Question

Solve the following systems of equations:
$
  \dfrac{5}{{x - 1}} + \dfrac{1}{{y - 2}} = 2 \\
  \dfrac{6}{{x - 1}} - \dfrac{3}{{y - 2}} = 1 \\
$

Answer 1

Hint: In this question let $\dfrac{1}{{x - 1}} = a{\text{ and }}\dfrac{1}{{y - 2}} = b$ and simplify this to get two linear equations in variables of a and b, then solve to get the value of a and later substitute it back into one of the equation obtained between a and b to get the value of b. Then since x is earlier computed in terms of a and y is computed in terms of b only, so when a is known and b is known hence x and y can be taken out.

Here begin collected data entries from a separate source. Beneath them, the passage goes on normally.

Lemma cseg_param a b y : a != b -> cseg a b y ->
  [/\ 0 <= param a b y, param a b y <= 1 & y = lerp a b (param a b y)].
Proof. by move=> ab [t [t_ge0 t_le1 ->]]; rewrite param_lerp. Qed.

Lemma pdist_lerp a b s t :
  pdist (lerp a b s) (lerp a b t) = `|s - t| * Num.sqrt (sqlen a b).
Proof.
rewrite /pdist /pnorm /sqlen /sqnorm /lerp /=.
rewrite (_ : _ + _ = (s - t) ^+ 2 * ((b.1 - a.1) ^+ 2 + (b.2 - a.2) ^+ 2)); last by ring.
by rewrite sqrtrM ?sqr_ge0 // sqrtr_sqr.
Qed.

Lemma oseg_lerpP a b t1 t2 y : t1 < t2 ->
  oseg (lerp a b t1) (lerp a b t2) y <-> exists2 s, t1 < s < t2 & y = lerp a b s.
Proof.
move=> t12; split.
  case=> l [l_gt0 l_lt1 ->]; exists (t1 + l * (t2 - t1)).
    by apply/andP; split; nra.
  by rewrite /lerp /=; congr (_, _); ring.
case=> s /andP[t1s st2] ->; exists ((s - t1) / (t2 - t1)).
have t21 : t2 - t1 != 0 by rewrite subr_eq0 gt_eqF.
split; [by rewrite divr_gt0 ?subr_gt0 | by rewrite ltr_pdivrMr ?subr_gt0 //; lra |].
by rewrite /lerp /=; congr (_, _); field.
Qed.

Lemma osegC a b : oseg a b = oseg b a.
Proof.
by apply/funext => y; apply/propext; split=> -[l [l_gt0 l_lt1 ->]];
  exists (1 - l); (split; [lra | lra | rewrite /lerp /=; congr (_, _); ring]).
Qed.
Lemma scale_at_prod (c : 'I_m -> k) x : (forall l, c l != 0) ->
  foldr (fun l f => scale_at l (c l) \o f) id (enum 'I_m) x = dil c x.
Proof.
move=> c0; have : uniq (enum 'I_m) := enum_uniq _.
have -> : dil c x = dil (fun l => if l \in enum 'I_m then c l else 1) x.
  by apply: dil_ext => l; rewrite mem_enum.
elim: (enum 'I_m) => [_|l s IH /andP [ls us]] /=; first by rewrite -[LHS]dil1; apply: dil_ext.
rewrite IH // /scale_at dil_mul => [|l'|l']; [|by case: ifP; rewrite ?oner_neq0 ..].
apply: dil_ext => l'; rewrite in_cons; have [->|] := eqVneq l' l; last by rewrite mul1r.
by rewrite (negbTE ls) mulr1.
Qed.

Definition dilz (a : k) (e : 'I_m -> int) : K -> K := dil (fun l => a ^ e l).

Section ExponentForm.
Variables (a : k) (i j : 'I_m).
Hypotheses (a0 : a != 0) (hij : i != j).

Let expz_neq0 (e : 'I_m -> int) l : a ^ e l != 0 := expfz_neq0 _ a0.

Lemma dilz_ext e e' : e =1 e' -> dilz a e =1 dilz a e'.
Proof. by move=> ee'; apply: dil_ext => l; rewrite ee'. Qed.

Lemma dilz_mul e e' x : dilz a e (dilz a e' x) = dilz a (fun l => e l + e' l) x.
Proof. by rewrite /dilz dil_mul //; apply: dil_ext => l; rewrite expfzDr. Qed.

Lemma tperm_dilz e x :
  permv (tperm i j) (dilz a e (permv (tperm i j) x)) = dilz a (fun l => e (tperm i j l)) x.
Proof. exact: tperm_dil. Qed.

Lemma transv_dilz e x :
  transv i j (dilz a e (transv_inv i j x)) = dilz a (fun l => if l == j then e j - e i else e l) x.
Proof.
rewrite /dilz transv_dil //; apply: dil_ext => l.
by case: ifP => // _; rewrite expfzDr // invr_expz.
Qed.

Lemma transv_inv_dilz e x :
  transv_inv i j (dilz a e (transv i j x)) = dilz a (fun l => if l == j then e j + e i else e l) x.
Proof.
rewrite /dilz transv_inv_dil //; apply: dil_ext => l.
by case: ifP => // _; rewrite expfzDr.
Qed.

End ExponentForm.
End MonomialMaps.

(** * A hyperbolic monomial map *)

Definition cat_map (v : int * int) : int * int := (v.1 + v.2, v.2 + (v.1 + v.2)).
Definition cat_map_inv (v : int * int) : int * int := (v.1 - (v.2 - v.1), v.2 - v.1).

(* (p, q) |-> (p + q, -q) fixes (1, 0) and conjugates cat_map_inv to cat_map. *)
Lemma iter_cat_map t :
  iter t cat_map (1, 0) = let v := iter t cat_map_inv (1, 0) in (v.1 + v.2, - v.2).
Proof.
elim: t => [//|t IH]; rewrite !iterS IH /=.
by case: (iter t cat_map_inv (1, 0)) => p q; rewrite /cat_map /=; congr (_, _); lia.
Qed.

Lemma iter_cat_map_inv_bounds t :
  let v := iter t cat_map_inv (1, 0) in [/\ v.2 <= 0, 0 <= v.1 + v.2 & (2 ^ t)%N%:Z <= v.1].
Proof.
elim: t => [//|t]; rewrite iterS /=; case: (iter t cat_map_inv (1, 0)) => p q /= [q0 pq e].
by rewrite expnS PoszM; split; lia.
Qed.

Definition cat_exp (t : nat) : nat :=
  let v := iter t cat_map_inv (1, 0) in absz (2 * v.1 + v.2).

Lemma cat_exp_sum t :
  (iter t cat_map_inv (1, 0)).1 + (iter t cat_map (1, 0)).1 = (cat_exp t)%:Z /\
  (iter t cat_map_inv (1, 0)).2 + (iter t cat_map (1, 0)).2 = 0.
Proof.
rewrite iter_cat_map /cat_exp; have := iter_cat_map_inv_bounds t.
by case: (iter t cat_map_inv (1, 0)) => p q /= [q0 pq _]; split; lia.
Qed.

Lemma cat_exp_ge t : (2 ^ t <= cat_exp t)%N.
Proof.
rewrite -lez_nat /cat_exp; have := iter_cat_map_inv_bounds t.
by case: (iter t cat_map_inv (1, 0)) => p q /= [q0 pq]; lia.
Qed.

Section HyperbolicMap.
Variables (k : fieldType) (m : nat) (i j : 'I_m).
Hypothesis hij : i != j.
Local Notation K := (ratfun k m).
Local Notation swap := (@permv k m (tperm i j)).

Definition hyp_step (x : K) : K := transv i j (swap (transv i j (swap x))).
Definition hyp_step_inv (x : K) : K := swap (transv_inv i j (swap (transv_inv i j x))).

Definition pairv (v : int * int) (l : 'I_m) : int :=
  if l == j then v.1 else if l == i then v.2 else 0.

Lemma tperm_dilz_pair (a : k) v x : a != 0 ->
  swap (dilz a (pairv v) (swap x)) = dilz a (pairv (v.2, v.1)) x.
Proof.
move=> a0; rewrite tperm_dilz //; apply: dilz_ext => l; rewrite /pairv.
have [->|lj] := eqVneq l j; first by rewrite tpermR (negbTE hij) !eqxx.
have [->|li] := eqVneq l i; first by rewrite tpermL eqxx.
by rewrite tpermD ?(negbTE lj) ?(negbTE li) // eq_sym.
Qed.

Lemma transv_dilz_pair (a : k) v x : a != 0 ->
  transv i j (dilz a (pairv v) (transv_inv i j x)) = dilz a (pairv (v.1 - v.2, v.2)) x.
Proof.
move=> a0; rewrite transv_dilz //; apply: dilz_ext => l; rewrite /pairv.
by case: eqP => // _; rewrite eqxx (negbTE hij) eqxx.
Qed.

Lemma transv_inv_dilz_pair (a : k) v x : a != 0 ->
  transv_inv i j (dilz a (pairv v) (transv i j x)) = dilz a (pairv (v.1 + v.2, v.2)) x.
Proof.
move=> a0; rewrite transv_inv_dilz //; apply: dilz_ext => l; rewrite /pairv.
by case: eqP => // _; rewrite eqxx (negbTE hij) eqxx.
Qed.

Lemma hyp_step_dilz (a : k) v x : a != 0 ->
  hyp_step (dilz a (pairv v) (hyp_step_inv x)) = dilz a (pairv (cat_map_inv v)) x.
Proof.
move=> a0; rewrite /hyp_step /hyp_step_inv.
by rewrite tperm_dilz_pair // transv_dilz_pair // tperm_dilz_pair // transv_dilz_pair.
Qed.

Complete step-by-step answer:
 Let,
$\dfrac{1}{{x - 1}} = a$.................. (1)
And
$\dfrac{1}{{y - 2}} = b$..................... (2)
So the system of equation becomes
$ \Rightarrow 5a + b = 2$................... (3)
$ \Rightarrow 6a - 3b = 1$................... (4)
Now multiply by 3 in equation (3) and add in equation (4) we have,
$ \Rightarrow 3\left( {5a + b} \right) + \left( {6a - 3b} \right) = 3\left( 2 \right) + 1$
Now simplify the above equation we have,
$ \Rightarrow 15a + 3b + 6a - 3b = 6 + 1$
$ \Rightarrow 21a = 7$
$ \Rightarrow a = \dfrac{7}{{21}} = \dfrac{1}{3}$
Now substitute the value of (a) in equation (3) we have,
$ \Rightarrow 5\left( {\dfrac{1}{3}} \right) + b = 2$
$ \Rightarrow b = 2 - \dfrac{5}{3} = \dfrac{{6 - 5}}{3} = \dfrac{1}{3}$
Now substitute the value of (a) and (b) in equation (1) and (2) we have,
$ \Rightarrow \dfrac{1}{{x - 1}} = \dfrac{1}{3}{\text{ and }}\dfrac{1}{{y - 2}} = \dfrac{1}{3}$
$ \Rightarrow x - 1 = 3$
$ \Rightarrow x = 3 + 1 = 4$
And
$ \Rightarrow y - 2 = 3$
$ \Rightarrow y = 3 + 2 = 5$
So the solution of the given system of equations is
$ \Rightarrow \left( {x,y} \right) = \left( {4,5} \right)$
So this is the required answer.

Note – The trick point here was the substitution in the starting phase of the solution the reason behind it was if this would not have done we would be getting a two different equations in terms of some xy terms, which can’t be solved to get the values of x and y, that why the aim was to break the problem into smaller subdivision.